XPages security

Security is provided for XPages applications.

An XPages application running in the HCL Notes® client can include a number of design elements that contain code (usually referred to as active content) that can be executed on the user's workstation, for example, accessing a database or JavaScript with embedded Java code. To prevent active content from executing protected operations, such as reading from and writing to workstation files, reading and writing system properties, and network operations, XPages uses the Execution Control List (ECL) to manage the access and abilities the user has granted the signer of the code that is trying to perform the protected operation.

The ECL determines whether the signer of the code is allowed to run code on a given workstation and defines the access that code has to various workstation functions, such as access to the current database or other databases. Examples of active content within an XPages application include Java code embedded in JavaScript (server-side), server-side script libraries, and Java classes and JARs imported into the database.

All the design elements in an XPages application have the signature of their creator.

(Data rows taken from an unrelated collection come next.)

Lemma narrow_sub (A B : set S) : B `<=` A -> narrow le A -> narrow le B.
Proof. by move=> BA narA C CB; apply: narA => x /CB /BA. Qed.

Lemma artinian_minimal_below (A Y : set S) y : artinian le A -> Y `<=` A -> Y y ->
  exists m, [/\ Y m, le m y & forall z, Y z -> le z m -> z = m].
Proof.
move=> artA YA Yy; apply: contrapT => nomin; apply: (artinian_sub YA artA).
have descend x : Y x /\ le x y -> exists x', (Y x' /\ le x' y) /\ (le x' x /\ x' <> x).
  move=> [Yx xy]; apply: contrapT => nodesc; apply: nomin; exists x; split=> // z Yz zx.
  by apply: contrapT => zx'; apply: nodesc; exists z; split; split=> //; apply: le_trans xy.
have [f [_ Hf]] := dependent_choice (conj Yy (le_refl y)) descend.
by exists f => n; have [[Yfn _] ?] := Hf n.
Qed.

(* Minimal elements of [a @` I] form an antichain, hence are finitely many, and
   every [a j] lies above one of them. *)
Lemma pwo_good_index (A : set S) (a : nat -> S) (I : set nat) :
  artinian le A -> narrow le A -> (forall n, A (a n)) -> infinite_set I ->
  exists i, I i /\ infinite_set [set j | I j /\ (i < j)%N /\ le (a i) (a j)].
Proof.
move=> artA narA Aa infI; apply: contrapT => nogood.
have finAbove i : I i -> finite_set [set j | I j /\ (i < j)%N /\ le (a i) (a j)].
  by move=> Ii; apply: contrapT => infi; apply: nogood; exists i.
have YA : a @` I `<=` A by move=> _ [n _ <-].
pose M := [set m | (a @` I) m /\ forall z, (a @` I) z -> le z m -> z = m].
have finM : finite_set M.
  apply: narA => [m [Ym _]|x y [Yx minx] [Yy miny] xy]; first exact: YA.
  by split=> xley; apply: xy; [apply: miny | apply/esym/minx].
apply: infI.
apply: (sub_finite_set (B := \bigcup_(m in M) [set j | I j /\ le m (a j)])).
  move=> j Ij; have [m [Ym mj minm]] := artinian_minimal_below artA YA (imageP a Ij).
  by exists m.
apply: bigcup_finite => // m [[i Ii <-] _].
apply: (sub_finite_set (B := [set j | I j /\ (i < j)%N /\ le (a i) (a j)] `|` `I_i.+1)).
  by move=> j [Ij aij]; case: (ltnP i j) => ij; [left | right].
by rewrite finite_setU; split; [exact: finAbove | exact: finite_II].
Qed.

Lemma pwo_ascending_subseq (A : set S) (a : nat -> S) :
  artinian le A -> narrow le A -> (forall n, A (a n)) ->
  exists phi : nat -> nat,
    forall n m, (n < m)%N -> (phi n < phi m)%N /\ le (a (phi n)) (a (phi m)).
Proof.
move=> artA narA Aa.
pose Q (x : nat * set nat) :=
  infinite_set x.2 /\ forall j, x.2 j -> (x.1 < j)%N /\ le (a x.1) (a j).
pose refine (x y : nat * set nat) := x.2 y.1 /\ y.2 `<=` x.2.
have good_state I : infinite_set I ->
    exists i, I i /\ Q (i, [set j | I j /\ (i < j)%N /\ le (a i) (a j)]).
  move=> infI; have [i [Ii infi]] := pwo_good_index artA narA Aa infI.
  by exists i; split=> //; split=> // j [].
have [i0 [_ Q0]] := good_state _ infinite_nat.
have step x : Q x -> exists y, Q y /\ refine x y.
  case: x => i I [infI _]; have [i' [Ii' Qi']] := good_state _ infI.
  exists (i', [set j | I j /\ (i' < j)%N /\ le (a i') (a j)]).
  by split=> //; split=> // j [].
have [f [_ Hf]] := dependent_choice Q0 step.
have nested n k : (f (n + k)%N).2 `<=` (f n).2.
  elim: k => [|k IH]; first by rewrite addn0.
  by rewrite addnS => j /(proj2 (proj2 (Hf _))) /IH.
exists (fun n => (f n).1) => n m nm; apply: (proj2 (proj1 (Hf n))).
rewrite -(subnKC nm) addSn; apply: nested (proj1 (proj2 (Hf _))).
Qed.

Note that if there is more than one signer of an XPages application, all signers must be trusted by the user before the protected operation will execute.

ECL security access options for XPages applications are set in the Using Workstation tab under What Others Do of the User Security dialog (File > Security > User Security).

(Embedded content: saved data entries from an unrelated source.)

(* Let $P\subset\mathbb{H}^4$ be the regular right-angled compact hyperbolic $120$-cell. A maximum set of pairwise disjoint walls of $P$ has $24$ elements.
   Context: Use the hyperboloid model $\mathbb{H}^4=\{x\in\mathbb{R}^5:(x,x)=-1,x_0>0\}$ with Minkowski form $(x,y)=-x_0y_0+\sum_{i=1}^4x_iy_i$. The hyperbolic $120$-cell $P$ is the compact regular convex polytope in $\mathbb{H}^4$ with $120$ dodecahedral walls ($3$-dimensional faces), any two intersecting walls meeting at right angles; it is bounded by the $120$ hyperplanes $\vec n^\perp\cap\mathbb{H}^4$ where, with $\tau=(1+\sqrt5)/2$, $\vec n$ ranges over: the $8$ vectors obtained by permuting the last four coordinates of $(\sqrt{2\tau},\pm2,0,0,0)$; the $16$ vectors $(\sqrt{2\tau},\pm1,\pm1,\pm1,\pm1)$; and the $96$ vectors obtained by even permutations of the last four coordinates of $(\sqrt{2\tau},\pm\tau,\pm1,\pm\tau^{-1},0)$. Two walls are disjoint if they do not intersect in $\mathbb{H}^4$. Each wall meets exactly $12$ other walls. *)

From HB Require Import structures.
From mathcomp Require Import all_boot all_order all_algebra.
From mathcomp Require Import reals.
Set Implicit Arguments. Unset Strict Implicit. Unset Printing Implicit Defensive.
Import Order.TTheory GRing.Theory Num.Theory.
Local Open Scope ring_scope.

Section C120.
Variable R : realType.

Definition tau : R := (1 + Num.sqrt 5) / 2.

Definition mink (x y : 'I_5 -> R) : R :=
  - x ord0 * y ord0 + \sum_(i < 4) x (lift ord0 i) * y (lift ord0 i).

Definition inH4 (x : 'I_5 -> R) : Prop := mink x x = -1 /\ 0 < x ord0.

Definition signs : seq R := [:: 1; -1].

(* the 12 even permutations of {0,1,2,3} *)
Definition evenperms : seq (seq nat) :=
  [:: [:: 0; 1; 2; 3]%N; [:: 0; 2; 3; 1]%N; [:: 0; 3; 1; 2]%N; [:: 1; 0; 3; 2]%N;
      [:: 1; 2; 0; 3]%N; [:: 1; 3; 2; 0]%N; [:: 2; 0; 1; 3]%N; [:: 2; 1; 3; 0]%N;
      [:: 2; 3; 0; 1]%N; [:: 3; 0; 2; 1]%N; [:: 3; 1; 0; 2]%N; [:: 3; 2; 1; 0]%N].

(* last four coordinates of the 120 normal vectors *)
Definition spatial1 : seq (seq R) :=
  flatten [seq [seq [seq (if k == p then e * 2 else 0) | k <- iota 0 4] | e <- signs]
          | p <- iota 0 4].
Definition spatial2 : seq (seq R) :=
  flatten (flatten (flatten
    [seq [seq [seq [seq [:: a; b; c; d] | d <- signs] | c <- signs] | b <- signs]
    | a <- signs])).
Definition spatial3 : seq (seq R) :=
  flatten (flatten (flatten
    [seq [seq [seq [seq [seq nth 0 [:: a * tau; b; c * tau^-1; 0] j | j <- pi]
                   | c <- signs] | b <- signs] | a <- signs] | pi <- evenperms])).
Definition spatials : seq (seq R) := spatial1 ++ spatial2 ++ spatial3.

Definition normal (i : 'I_120) : 'I_5 -> R :=
  fun k => if k == ord0 then Num.sqrt (2 * tau)
           else nth 0 (nth [::] spatials i) k.-1.

(* the 120-cell P: the side of every hyperplane containing (1,0,0,0,0) *)
Definition inP (x : 'I_5 -> R) : Prop :=
  inH4 x /\ forall i : 'I_120, mink x (normal i) <= 0.

Definition in_wall (i : 'I_120) (x : 'I_5 -> R) : Prop :=
  inP x /\ mink x (normal i) = 0.

Definition disjoint_walls (i j : 'I_120) : Prop :=
  ~ exists x, in_wall i x /\ in_wall j x.

Definition pairwise_disjoint_walls (S : {set 'I_120}) : Prop :=
  forall i j, i \in S -> j \in S -> i != j -> disjoint_walls i j.

End C120.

Security with active content filtering

The Active Content Filtering (ACF) security feature also guards against malicious code being entered into an XPage input control during execution.

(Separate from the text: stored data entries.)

Lemma apply_caps_right w b1 i1 w1 b2 i2 w2 : i1.+1 < i2 ->
  apply_slice w (Cap b1, i1) = Some w1 -> apply_slice w (Cap b2, i2) = Some w2 ->
  exists w12, apply_slice w1 (Cap b2, i2 - 2) = Some w12.
Proof.
move=> lt_i12 /apply_sliceP [x [y [Hx Ew ->]]] /apply_sliceP [x2 [y2 [Hx2 Ew2 _]]].
have E : (x ++ [:: b1; ~~ b1]) ++ y = x2 ++ [:: b2; ~~ b2] ++ y2 by rewrite -catA -Ew.
have le_x : size (x ++ [:: b1; ~~ b1]) <= size x2 by rewrite size_cat Hx Hx2 /=; lia.
have [u [Ex2 Ey]] := cat_eq_cat_leq E le_x.
exists (x ++ u ++ y2); apply/apply_sliceP; exists (x ++ u), y2; rewrite Ey /= !catA.
by split=> //; move: Hx2; rewrite Ex2 !size_cat Hx /=; lia.
Qed.

Lemma apply_caps_left w b1 i1 w1 b2 i2 w2 : i2.+1 < i1 ->
  apply_slice w (Cap b1, i1) = Some w1 -> apply_slice w (Cap b2, i2) = Some w2 ->
  exists w12, apply_slice w1 (Cap b2, i2) = Some w12.
Proof.
move=> lt_i21 /apply_sliceP [x [y [Hx Ew ->]]] /apply_sliceP [x2 [y2 [Hx2 Ew2 _]]].
have E : (x2 ++ [:: b2; ~~ b2]) ++ y2 = x ++ [:: b1; ~~ b1] ++ y by rewrite -catA -Ew2.
have le_x : size (x2 ++ [:: b2; ~~ b2]) <= size x by rewrite size_cat Hx Hx2 /=; lia.
have [u [Ex Ey2]] := cat_eq_cat_leq E le_x.
by exists (x2 ++ u ++ y); apply/apply_sliceP; exists x2, (u ++ y); rewrite Ex /= -!catA.
Qed.

(* Disjoint first caps: cap off [w1] starting with the second cap, cancel the
   two cappings of [w1] by induction, and commute the two cups. *)
Lemma cob_cups_capping_disjoint n w b1 i1 w1 D1 b2 i2 D2 i2' i1' w12 :
  cappings_cob n -> capping w1 D1 -> size D1 = n ->
  apply_slice w (Cap b1, i1) = Some w1 ->
  capping w ((Cap b2, i2) :: D2) -> size D2 = n ->
  apply_slice w1 (Cap b2, i2') = Some w12 ->
  lcob [:: (Cup b2, i2'); (Cup b1, i1)] [:: (Cup b1, i1'); (Cup b2, i2)] ->
  cob (cups D1 ++ [:: (Cup b1, i1), (Cap b2, i2) & D2]) [::].
Proof.
move=> IH HD1 HD1n E1 HC2 HD2n E12 swap.
have bal12 : balanced w12 by rewrite -(balanced_slice E12) (capping_balanced HD1).
have [D12 HD12] := balanced_capping bal12.
have HE : capping w1 ((Cap b2, i2') :: D12).
  by case: HD12 => HD HDw; split=> //=; rewrite E12.
have HEn : size ((Cap b2, i2') :: D12) = n.
  by apply: double_inj; rewrite -(capping_size HE) -HD1n -(capping_size HD1).
have Hs : run w1 [:: (Cup b1, i1), (Cap b2, i2) & D2] = Some [::].
  by move/cup_cap: E1 => /= ->; case: HC2.
have HD2 : all is_cap D2 by case: HC2 => /andP [].
apply: cob_trans (cob_split_capping (capping_cups HD1) HE Hs) _.
rewrite catA; apply: cob_trans.
  apply: cob_catr (IH _ _ _ HEn HD1 HE) _.
  by rewrite /valid run_cat (capping_cups HE).
rewrite cat0s cups_cons -catA /=.
have V : valid (cups D12 ++ [:: (Cup b2, i2'); (Cup b1, i1)] ++ (Cap b2, i2) :: D2).
  have -> : cups D12 ++ [:: (Cup b2, i2'); (Cup b1, i1)] ++ (Cap b2, i2) :: D2 =
      cups ((Cap b2, i2') :: D12) ++ [:: (Cup b1, i1), (Cap b2, i2) & D2].
    by rewrite cups_cons -catA.
  by rewrite /valid run_cat (capping_cups HE).
have H1 := lcob_cob0 swap isT V; apply: (cob_trans H1).
have V1 := proj1 (cob_valid H1) V.
have -> : cups D12 ++ [:: (Cup b1, i1'); (Cup b2, i2)] ++ (Cap b2, i2) :: D2 =
    cups ((Cap b1, i1') :: D12) ++ shift i2 [:: (Cup b2, 0); (Cap b2, 0)] ++ D2.
  by rewrite cups_cons -!catA.
apply: (cob_cups_cancel IH (lcob_death b2)) => //.
- by case: HD12.
- by move: V1; rewrite cups_cons -!catA.
Qed.

Lemma cappings_cob0 : cappings_cob 0.
Proof.
move=> w C1 C2 /size0nil -> HC1 HC2.
have /size0nil -> : size C1 = 0.
  by apply: double_inj; rewrite -(capping_size HC1) (capping_size HC2).
exact: cob_refl.
Qed.

Lemma cappings_cob_succ n : cappings_cob n -> cappings_cob n.+1.
Proof.
move=> IH w C1 [|[g2 i2] D2] //= [HD2n] HC1 HC2.
have [b2 [w2 [Eg2 E2 HD2]]] := capping_cons HC2; subst g2.
case: C1 HC1 (capping_size HC1) => [|[g1 i1] D1] HC1; first by rewrite (capping_size HC2).
have [b1 [w1 [Eg1 E1 HD1]]] := capping_cons HC1; subst g1.
rewrite (capping_size HC2) /= HD2n => /double_inj [/esym HD1n].
have V := valid_cups_capping HC1 HC2.
rewrite cups_cons -catA in V *; rewrite /cup_of /= in V *.
have [[HD1c _] [HD2c _]] := (HD1, HD2).
have [N1 N1'] := cap_nth E1; have [N2 N2'] := cap_nth E2.
case: (ltngtP i1.+1 i2) => [lt12|lt21|eq12].
- have [w12 E12] := apply_caps_right lt12 E1 E2.
  apply: (cob_cups_capping_disjoint IH HD1 HD1n E1 HC2 HD2n E12).
  by apply: lcob_swap_rev => /=; [lia | rewrite addn0].
- case: (ltngtP i2.+1 i1) => [lt21'|lt12'|eq21].
  + have [w12 E12] := apply_caps_left lt21' E1 E2.
    apply: (cob_cups_capping_disjoint IH HD1 HD1n E1 HC2 HD2n E12).
    by apply: lcob_swap => /=; [lia | rewrite addn0].
  + have Ei : i1 = i2 by lia.
    subst i2; have Eb : b2 = b1 by rewrite -N2 N1.
    rewrite {}Eb in V *; apply: (cob_cups_cancel (k := i1) IH (lcob_death b1)) => //.
  + subst i1; have Eb : b2 = ~~ b1 by rewrite -N1 N2' negbK.
    rewrite {}Eb in V *; apply: (cob_cups_cancel (k := i2) IH (lcob_zigzag_l b1)) => //.
- subst i2; have Eb : b2 = ~~ b1 by rewrite -N2 N1'.
  rewrite {}Eb in V *; apply: (cob_cups_cancel (k := i1) IH (lcob_zigzag_r b1)) => //.
Qed.

Lemma cob_cups_capping w C1 C2 : capping w C1 -> capping w C2 -> cob (cups C1 ++ C2) [::].
Proof.
have IH n : cappings_cob n by elim: n => [|n]; [exact: cappings_cob0 | exact: cappings_cob_succ].
exact: IH.
Qed.

Lemma cob_capping_indep p w C C' : run [::] p = Some w ->
  capping w C -> capping w C' -> cob (p ++ C) (p ++ C').
Proof.
move=> Hp HC HC'; apply: cob_trans (cob_split_capping Hp HC' HC.2) _.
rewrite catA -[X in cob _ X]cats0; apply: cob_catl (cob_cups_capping HC' HC) _.
by rewrite /valid run_cat Hp; case: HC'.
Qed.

Lemma run_shift_closed x w i : run [::] x = Some [::] -> i <= size w ->
  run w (shift i x) = Some w.
Proof.
move=> Hx le_iw; apply/(run_shiftP _ _ le_iw); exists (drop i w).
by rewrite cat_take_drop (run_closed _ Hx).
Qed.

Lemma cob_cups_capping_lcob w D x i : capping w D -> lcob x [::] -> 0 < size x ->
  run [::] x = Some [::] -> i <= size w -> cob (cups D ++ shift i x ++ D) [::].
Proof.
move=> HD x0 x_pos Hx le_iw.
have V : valid (cups D ++ shift i x ++ D).
  by rewrite /valid run_cat (capping_cups HD) run_cat run_shift_closed //; case: HD.
by apply: cob_trans (lcob_cob x0 x_pos V) (cob_cups_capping HD HD).
Qed.

(** * Capped diagrams *)

Definition curl_pow (n : nat) : diagram := if odd n then curl Virtual true else [::].

Lemma run_curl t o : run [::] (curl t o) = Some [::].
Proof. by case: t => [k|]; case: o. Qed.

Lemma cob_curl_pow_add m n : cob (curl_pow m ++ curl_pow n) (curl_pow (m + n)).
Proof.
rewrite /curl_pow oddD; case: (odd m); case: (odd n) => /=; rewrite ?cats0; try exact: cob_refl.
by have := @lcob_cob0 _ _ [::] [::] lcob_curl_pair isT; rewrite !cats0; apply.
Qed.

Lemma lcob_cup_curl_right c a i j : i <= j ->
  lcob ((Cup c, j) :: shift i (curl Virtual a)) (shift i (curl Virtual a) ++ [:: (Cup c, j)]).
Proof.
move=> le_ij; rewrite /shift /= !add0n.
apply: (@lcob_trans _ [:: (Cup a, i); (Cup c, j.+2); (VCr a (~~ a), i); (Cap (~~ a), i)]).
  apply: (@lcob_ctx [:: (Cup c, j); (Cup a, i)] [:: (Cup a, i); (Cup c, j.+2)] [::]
    [:: (VCr a (~~ a), i); (Cap (~~ a), i)]) => //.
  by apply: lcob_swap_rev => /=; [lia | rewrite addn0 -addn2 addnK].
apply: (@lcob_trans _ [:: (Cup a, i); (VCr a (~~ a), i); (Cup c, j.+2); (Cap (~~ a), i)]).
  apply: (@lcob_ctx [:: (Cup c, j.+2); (VCr a (~~ a), i)] [:: (VCr a (~~ a), i); (Cup c, j.+2)]
    [:: (Cup a, i)] [:: (Cap (~~ a), i)]) => //.
  by apply: lcob_swap_rev => /=; lia.
apply: (@lcob_ctx [:: (Cup c, j.+2); (Cap (~~ a), i)] [:: (Cap (~~ a), i); (Cup c, j)]
  [:: (Cup a, i); (VCr a (~~ a), i)] [::]) => //.
by apply: lcob_swap_rev => /=; lia.
Qed.

Lemma lcob_cup_curl_left c a i j : j + 2 <= i ->
  lcob ((Cup c, j) :: shift i (curl Virtual a))
       (shift (i - 2) (curl Virtual a) ++ [:: (Cup c, j)]).
Proof.
move=> le_ji; rewrite /shift /= !add0n.
apply: (@lcob_trans _ [:: (Cup a, i - 2); (Cup c, j); (VCr a (~~ a), i); (Cap (~~ a), i)]).
  apply: (@lcob_ctx [:: (Cup c, j); (Cup a, i)] [:: (Cup a, i - 2); (Cup c, j)] [::]
    [:: (VCr a (~~ a), i); (Cap (~~ a), i)]) => //.
  by apply: lcob_swap => /=; lia.
apply: (@lcob_trans _ [:: (Cup a, i - 2); (VCr a (~~ a), i - 2); (Cup c, j); (Cap (~~ a), i)]).
  apply: (@lcob_ctx [:: (Cup c, j); (VCr a (~~ a), i)] [:: (VCr a (~~ a), i - 2); (Cup c, j)]
    [:: (Cup a, i - 2)] [:: (Cap (~~ a), i)]) => //.
  by apply: lcob_swap => /=; lia.
apply: (@lcob_ctx [:: (Cup c, j); (Cap (~~ a), i)] [:: (Cap (~~ a), i - 2); (Cup c, j)]
  [:: (Cup a, i - 2); (VCr a (~~ a), i - 2)] [::]) => //.
by apply: lcob_swap => /=; lia.
Qed.

Lemma cob_unnest D w i a : capping w D -> i <= size w ->
  cob (cups D ++ shift i (curl Virtual a) ++ D) (curl Virtual true).
Proof.
elim: D w i a => [|[g j] D IH] w i a HD le_iw.
  have /size0nil Ew : size w = 0 by rewrite (capping_size HD).
  move: le_iw; rewrite Ew leqn0 => /eqP ->; rewrite shift0.
  by apply: (@lcob_cob0 _ _ [::] [::] (lcob_curl_virtual a)) => //; case: a.
have [c [w1 [Eg Ecap HD1]]] := capping_cons HD; subst g.
have /apply_sliceP [x [y [Hx Ew Ew1]]] := Ecap.
have size_w : size w = (size w1).+2 by rewrite Ew Ew1 !size_cat /=; lia.
have le_jw1 : j <= size w1 by rewrite Ew1 size_cat Hx leq_addr.
have run_curl_at i' w' : i' <= size w' -> run w' (shift i' (curl Virtual a)) = Some w'.
  by move=> le; apply: run_shift_closed (run_curl _ _) le.
have V : valid (cups ((Cap c, j) :: D) ++ shift i (curl Virtual a) ++ (Cap c, j) :: D).
  by apply/valid_catP; exists w, w; split; [exact: capping_cups | exact: run_curl_at | case: HD].
rewrite cups_cons -catA in V *.
have death i' : i' <= size w1 -> cob (cups D ++ (shift i' (curl Virtual a) ++
    [:: (Cup c, j)]) ++ (Cap c, j) :: D) (curl Virtual true).
  move=> le_i'; apply: cob_trans (IH _ i' a HD1 le_i').
  have := @lcob_cob _ _ (cups D ++ shift i' (curl Virtual a)) D j (lcob_death c) isT.
  rewrite -!catA; apply; rewrite catA.
  apply/valid_catP; exists w1, w1; split; last by case: HD1.
    by rewrite run_cat (capping_cups HD1) run_curl_at.
  by apply: run_shift_closed => //; case: (c).
have nest x' : lcob ((Cup c, j) :: shift i (curl Virtual a)) x' -> cob
    (cups D ++ x' ++ (Cap c, j) :: D) (curl Virtual true) ->
    cob (cups D ++ (Cup c, j) :: shift i (curl Virtual a) ++ (Cap c, j) :: D) (curl Virtual true).
  by move=> H; apply: cob_trans; apply: (@lcob_cob0 _ _ _ _ H).
case: (leqP i j) => [le_ij | lt_ji].
  apply: (nest _ (lcob_cup_curl_right c a le_ij)).
  exact: death (leq_trans le_ij le_jw1).
case: (leqP (j + 2) i) => [le_ji | lt_ij2].
  apply: (nest _ (lcob_cup_curl_left c a le_ji)).
  by apply: death; lia.
have Ei : i = j.+1 by lia.
subst i; apply: cob_trans (IH _ j true HD1 le_jw1).
exact: (lcob_cob (lcob_nested_curl c a) isT V).
Qed.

Active content filtering is used to remove possibly malicious active content( scripts, tags ) in an input/output text control. An ACF engine acts as a library to perform the filtering during run time. If you put focus on certain XPage controls (edit box, multiline edit box, rich text, hidden input), you see two properties htmlFilter and htmlFilterIn on the All Properties tab under basics.

The htmlFilter property defines the ACF engine to use when the control sends data to the client, and the htmlFilterIn property defines the engine to use when the control receives text from the client. You can change these two properties to enable or disable ACF for a text field.

There are four ACF engines available for XPages:
  • acf
  • striptags
  • identity
  • empty

The acf engine parses the HTML text and filters out the unsafe constructs, based on a configuration file (acf-config.xml). The striptags engine removes all the tags using a regular expression 'replaceAll("\\<.*?>","")'. The identity filter returns the original string. The empty engine removes everything and returns an empty string.

The acf engine can be configured via a configuration file. For the client side, this file is typically located in the ...\Notes\Data\properties folder. An example, acf-config.xml.sample, is located in this folder.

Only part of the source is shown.